Reflet des nombreux atouts de ces investissements, l’allocation sur les stratégies multifactorielles sur les obligations d’entreprise a sensiblement augmenté ces derniers temps
Contrairement à la gestion obligataire traditionnelle, qui consiste essentiellement à gérer de manière active la sensibilité d’un portefeuille aux variations des taux d’intérêt, son risque de crédit et son exposition aux devises, l’investissement multifactoriel sélectionne des titres uniquement en fonction de certaines caractéristiques. Il a été prouvé que ces « facteurs » sont à l’origine des performances des investissements sur la durée.

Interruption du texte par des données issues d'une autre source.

From mathcomp Require Import all_boot all_order all_algebra.
From mathcomp Require Import zify ring lra.
Import Order.TTheory GRing.Theory Num.Theory.
Set Implicit Arguments. Unset Strict Implicit. Unset Printing Implicit Defensive.
Local Open Scope ring_scope.

(* Dividing w_i(k) by gamma^((i+1)^2+1) and writing q = 1/gamma, j = i+1, the
   weight of mode k at level j becomes q^((j-k)^2) + T_j, where the tail T_j does
   not depend on k and lies between 2q and 2q + (L+1)q^3.  Hence every
   normaliser lies in [1, 1 + c] with c = (L+2)(2q + (L+1)q^3), and the weight
   of mode k one level farther from k is at most 1 + b times the weight at the
   nearer level, b = (L+1)q^2/2.  With e = 1 - (b + c),
   each factor min(1, pi_(i-1)/pi_i) is at least e pi_(i-1)/pi_i before the mode
   and at least e after it; the ratios before the mode telescope, so
   B >= e^L pi_0(A_k) >= e^L q.  Bernoulli's inequality gives e^L >= 1/8, and
   q/8 = 1/(8(L+1)^3) > 1/(L+1)^7. *)

(* (2r+1)(i+1) - r^2 - r = (i+1)^2 - (i+1-r)(i-r): the r-th tail term of w_i
   has normalised exponent (j-r)(j-r-1) + 1, written without integer subtraction. *)
Definition tail_exp (j r : nat) : nat :=
  if (r < j)%N then ((j - r) * (j - r).-1).+1 else ((r - j) * (r - j).+1).+1.

Definition tail (R : realFieldType) (q : R) (n j : nat) : R :=
  \sum_(0 <= r < n) q ^+ tail_exp j r.

Definition nweight (R : realFieldType) (q : R) (n j k : nat) : R :=
  q ^+ (`|j - k| ^ 2)%N + tail q n j.

Definition nmass (R : realFieldType) (q : R) (n j : nat) : R :=
  \sum_(1 <= h < n.+1) nweight q n j h.

Definition tail_bound (R : realFieldType) (q : R) (n : nat) : R :=
  2 * q + n%:R * q ^+ 3.

Lemma exprz_subn (R : realFieldType) (g : R) (N : int) (e : nat) :
  g != 0 -> g ^ (N - e%:Z) = g ^ N * g^-1 ^+ e.
Proof. by move=> g0; rewrite exprzDr ?unitfE // exprVn exprnN. Qed.

Lemma wgt_normalize (R : realFieldType) (L i k : nat) :
  wgt R L i k = gam R L ^ (i.+1 ^ 2 + 1)%N * nweight (gam R L)^-1 L.+1 i.+1 k.
Proof.
have g0 : gam R L != 0 by rewrite pnatr_eq0 expn_eq0.
rewrite /wgt /nweight /tail mulrDr mulr_sumr; congr (_ + _).
  rewrite -exprz_subn //; congr (_ ^ _); nia.
apply: eq_bigr => r _; rewrite -exprz_subn //; congr (_ ^ _).
by rewrite /tail_exp; case: ltnP => hr; nia.
Qed.

Lemma piA_normalize (R : realFieldType) (L i k : nat) :
  piA R L i k = nweight (gam R L)^-1 L.+1 i.+1 k / nmass (gam R L)^-1 L.+1 i.+1.
Proof.
have g0 : gam R L != 0 by rewrite pnatr_eq0 expn_eq0.
rewrite /piA /nmass wgt_normalize (eq_bigr _ (fun h _ => wgt_normalize R L i h)).
by rewrite -mulr_sumr invfM mulrACA mulfV ?mul1r // expfz_eq0 negb_and g0 orbT.
Qed.

Section ExprSums.
Variables (R : realFieldType) (q : R).
Hypotheses (q_ge0 : 0 <= q) (q_le1 : q <= 1).

Lemma sum_expr_ge_head (g : nat -> nat) (m : nat) : (0 < m)%N ->
  q ^+ g 0%N <= \sum_(0 <= s < m) q ^+ g s.
Proof.
by move=> m_gt0; rewrite big_ltn // lerDl sumr_ge0 // => s _; rewrite exprn_ge0.
Qed.

Lemma sum_expr_le_head_cubes (g : nat -> nat) (m : nat) :
  g 0%N = 1%N -> (forall s, (0 < s)%N -> (3 <= g s)%N) ->
  \sum_(0 <= s < m) q ^+ g s <= q + m%:R * q ^+ 3.
Proof.
move=> g0 g_ge3; case: m => [|m].
  by rewrite big_geq // mul0r addr0.
rewrite big_ltn // g0 expr1 lerD2l.
apply: le_trans (_ : \sum_(1 <= s < m.+1) q ^+ 3 <= _).
  by apply: ler_sum_nat => s /andP[s_gt0 _]; apply: ler_wiXn2l => //; apply: g_ge3.
rewrite sumr_const_nat subn1 mulr_natl.
exact: ler_wpMn2l (exprn_ge0 3 q_ge0) _ _ (leqnSn m).
Qed.

End ExprSums.

Lemma tail_split (R : realFieldType) (q : R) (n j : nat) : (j <= n)%N ->
  tail q n j = \sum_(0 <= s < j) q ^+ (s * s.+1).+1
             + \sum_(0 <= s < n - j) q ^+ (s * s.+1).+1.
Proof.
move=> jn; rewrite /tail (big_cat_nat (leq0n j) jn); congr (_ + _).
  rewrite big_nat_rev; apply: eq_big_nat => s /andP[_ sj].
  rewrite add0n /tail_exp ifT; last by lia.
  have -> : (j - (j - s.+1) = s.+1)%N by lia.
  by rewrite mulnC.
rewrite -[X in \big[_/_]_(X <= _ < _) _](add0n j) big_addn; apply: eq_big_nat => s _.
by rewrite /tail_exp ifF; [congr (_ ^+ _); nia | lia].
Qed.

Lemma peak_split (R : realFieldType) (q : R) (n j : nat) : (0 < j <= n)%N ->
  \sum_(1 <= h < n.+1) q ^+ (`|j - h| ^ 2)%N
    = 1 + \sum_(0 <= s < j.-1) q ^+ (s.+1 ^ 2) + \sum_(0 <= s < n - j) q ^+ (s.+1 ^ 2).
Proof.
move=> /andP[j_gt0 jn]; rewrite (big_cat_nat j_gt0) /=; last by lia.
rewrite [\sum_(j <= i < n.+1) _]big_ltn; last by lia.
rewrite distnn expr0 addrCA addrA; congr (1 + _ + _).
  rewrite big_nat_rev /= big_add1 /=; apply: eq_big_nat => s /andP[_ sj].
  congr (_ ^+ _); nia.
rewrite -[X in \big[_/_]_(X <= _ < _) _](add0n j.+1) big_addn subSS.
by apply: eq_big_nat => s _; congr (_ ^+ _); nia.
Qed.

Section NormalizedWeights.
Variables (R : realFieldType) (q : R) (n : nat).
Hypotheses (q_ge0 : 0 <= q) (q_le1 : q <= 1).

Lemma tail_ge0 (j : nat) : 0 <= tail q n j.
Proof. by apply: sumr_ge0 => r _; rewrite exprn_ge0. Qed.

Lemma tail_ge (j : nat) : (0 < j < n)%N -> 2 * q <= tail q n j.
Proof.
move=> /andP[j_gt0 jn]; rewrite tail_split ?(ltnW jn) // mulr2n mulrDl mul1r.
have half_ge m : (0 < m)%N -> q <= \sum_(0 <= s < m) q ^+ (s * s.+1).+1.
  move=> m_gt0; rewrite -[q in q <= _]expr1.
  exact: (sum_expr_ge_head q_ge0 (fun s => (s * s.+1).+1)).
by apply: lerD; apply: half_ge; rewrite ?subn_gt0.
Qed.

Lemma tail_le (j : nat) : (j <= n)%N -> tail q n j <= tail_bound q n.
Proof.
move=> jn; rewrite tail_split // /tail_bound.
have half_le m : \sum_(0 <= s < m) q ^+ (s * s.+1).+1 <= q + m%:R * q ^+ 3.
  by apply: sum_expr_le_head_cubes => // s s_gt0; nia.
have -> : n%:R = j%:R + (n - j)%:R :> R by rewrite -natrD subnKC.
have := half_le j; have := half_le (n - j)%N; lra.
Qed.

Lemma tail_le_scaled (j j' : nat) : (j <= n)%N -> (0 < j' < n)%N ->
  tail q n j <= (1 + n%:R * q ^+ 2 / 2) * tail q n j'.
Proof.
move=> jn j'n; apply: le_trans (tail_le jn) _.
have -> : tail_bound q n = (1 + n%:R * q ^+ 2 / 2) * (2 * q).
  by rewrite /tail_bound; field.
by rewrite ler_wpM2l ?tail_ge // addr_ge0 // divr_ge0 // mulr_ge0 // exprn_ge0.
Qed.

Lemma nweight_le_scaled (j j' k : nat) :
  (`|j' - k| <= `|j - k|)%N -> (j <= n)%N -> (0 < j' < n)%N ->
  nweight q n j k <= (1 + n%:R * q ^+ 2 / 2) * nweight q n j' k.
Proof.
move=> dist_le jn j'n; rewrite /nweight mulrDr.
apply: lerD; last exact: tail_le_scaled.
apply: le_trans (_ : q ^+ (`|j' - k| ^ 2)%N <= _).
  by apply: ler_wiXn2l => //; rewrite leq_exp2r.
by rewrite ler_peMl ?exprn_ge0 // lerDl divr_ge0 // mulr_ge0 // exprn_ge0.
Qed.

Lemma nweight_le_peak (j k : nat) : nweight q n j k <= nweight q n j j.
Proof. by rewrite lerD2r distnn expr0 exprn_ile1. Qed.

Lemma nweight_le_nmass (j k : nat) : (0 < j <= n)%N ->
  nweight q n j k <= nmass q n j.
Proof.
move=> jn; apply: le_trans (nweight_le_peak j k) _.
rewrite /nmass (bigD1_seq j) ?mem_index_iota ?iota_uniq //=.
rewrite lerDl sumr_ge0 // => h _.
by rewrite addr_ge0 ?tail_ge0 ?exprn_ge0.
Qed.

Lemma nmass_ge1 (j : nat) : (0 < j <= n)%N -> 1 <= nmass q n j.
Proof.
move=> jn; apply: le_trans (nweight_le_nmass j jn).
by rewrite /nweight distnn expr0 lerDl tail_ge0.
Qed.

Lemma nmass_le (j : nat) : (0 < j <= n)%N ->
  nmass q n j <= 1 + n.+1%:R * tail_bound q n.
Proof.
move=> jn; rewrite /nmass big_split /= sumr_const_nat subSS subn0 peak_split //.
have peak_le m : \sum_(0 <= s < m) q ^+ (s.+1 ^ 2) <= q + m%:R * q ^+ 3.
  by apply: sum_expr_le_head_cubes => // s s_gt0; nia.
have tail_n : n%:R * tail q n j <= n%:R * tail_bound q n.
  by rewrite ler_wpM2l ?tail_le //; case/andP: jn.
have count : j.-1%:R * q ^+ 3 + (n - j)%:R * q ^+ 3 <= n%:R * q ^+ 3.
  by rewrite -mulrDl -natrD ler_wpM2r ?exprn_ge0 // ler_nat; lia.
have := peak_le j.-1; have := peak_le (n - j)%N.
rewrite /tail_bound mulrSr in tail_n *; lra.
Qed.

End NormalizedWeights.

Lemma ratio_le_mul (R : realFieldType) (a b za zb s t : R) :
  0 <= a -> 0 < b -> 1 <= za -> 0 < zb -> a <= s * b -> zb <= t ->
  a / za / (b / zb) <= s * t.
Proof.
move=> a_ge0 b_gt0 za_ge1 zb_gt0 ab zbt.
have za_gt0 : 0 < za := lt_le_trans ltr01 za_ge1.
have -> : a / za / (b / zb) = (a / b) * (zb / za).
  by field; rewrite !gt_eqF.
apply: ler_pM; rewrite ?divr_ge0 ?(ltW b_gt0) ?(ltW za_gt0) ?(ltW zb_gt0) //.
  by rewrite ler_pdivrMr.
have t_ge0 : 0 <= t := le_trans (ltW zb_gt0) zbt.
by rewrite ler_pdivrMr // (le_trans zbt) // ler_peMr.
Qed.

Lemma bernoulli_ineq (R : realFieldType) (d : R) (m : nat) : 0 <= d <= 1 ->
  1 - m%:R * d <= (1 - d) ^+ m.
Proof.
move=> /andP[d_ge0 d_le1]; elim: m => [|m IH]; first by rewrite expr0 mul0r subr0.
have := ler_wpM2l (_ : 0 <= 1 - d) IH; rewrite subr_ge0 => /(_ d_le1).
rewrite exprS -natr1; have := mulr_ge0 (ler0n R m) (mulr_ge0 d_ge0 d_ge0); nra.
Qed.

Section MinRatioProduct.
Variables (R : realFieldType) (P : nat -> R) (e : R).
Hypotheses (e_ge0 : 0 <= e) (e_le1 : e <= 1) (P_gt0 : forall i, 0 < P i).

Lemma min1_ratio_ge0 (i : nat) : 0 <= Num.min 1 (P i.-1 / P i).
Proof. by rewrite le_min ler01 divr_ge0 // ltW. Qed.

Lemma prod_min1_ratio_rising (m : nat) :
  (forall i, (0 < i <= m)%N -> e * (P i.-1 / P i) <= 1) ->
  e ^+ m * P 0%N <= (\prod_(1 <= i < m.+1) Num.min 1 (P i.-1 / P i)) * P m.
Proof.
elim: m => [|m IH] rise; first by rewrite big_geq // expr0 !mul1r.
have /IH IHm : forall i, (0 < i <= m)%N -> e * (P i.-1 / P i) <= 1.
  by move=> i /andP[i_gt0 i_le]; apply: rise; rewrite i_gt0 leqW.
have step : e * P m <= Num.min 1 (P m / P m.+1) * P m.+1.
  rewrite -{1}(divfK (lt0r_neq0 (P_gt0 m.+1)) (P m)) mulrA.
  apply: ler_wpM2r; first exact: ltW.
  have rise_m : e * (P m / P m.+1) <= 1 by apply: (rise m.+1); rewrite /= leqnn.
  by rewrite le_min rise_m ler_piMl // divr_ge0 // ltW.
rewrite big_nat_recr //= -mulrA.
have -> : e ^+ m.+1 * P 0%N = e * (e ^+ m * P 0%N) by rewrite exprS mulrA.
apply: le_trans (_ : e * ((\prod_(1 <= i < m.+1) Num.min 1 (P i.-1 / P i)) * P m) <= _).
  by rewrite ler_wpM2l.
by rewrite mulrCA ler_wpM2l // prodr_ge0 // => i _; apply: min1_ratio_ge0.
Qed.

Plutôt que de prendre des positions en fonction de la trajectoire (attendue) des marchés (« market timing » dans le jargon), les stratégies factorielles ont vocation à générer des performances quelle que soit l’orientation des taux d’intérêt ou des marchés des obligations d’entreprise.
L’idée est donc de sélectionner des obligations capables de surperformer d’autres titres au profil similaire. Face à la volatilité actuelle des marchés, ce biais non-directionnel constitue selon nous une vraie force. Cette caractéristique peut limiter les pertes potentielles lors des phases baissières des marchés, comme celles observées en 2020.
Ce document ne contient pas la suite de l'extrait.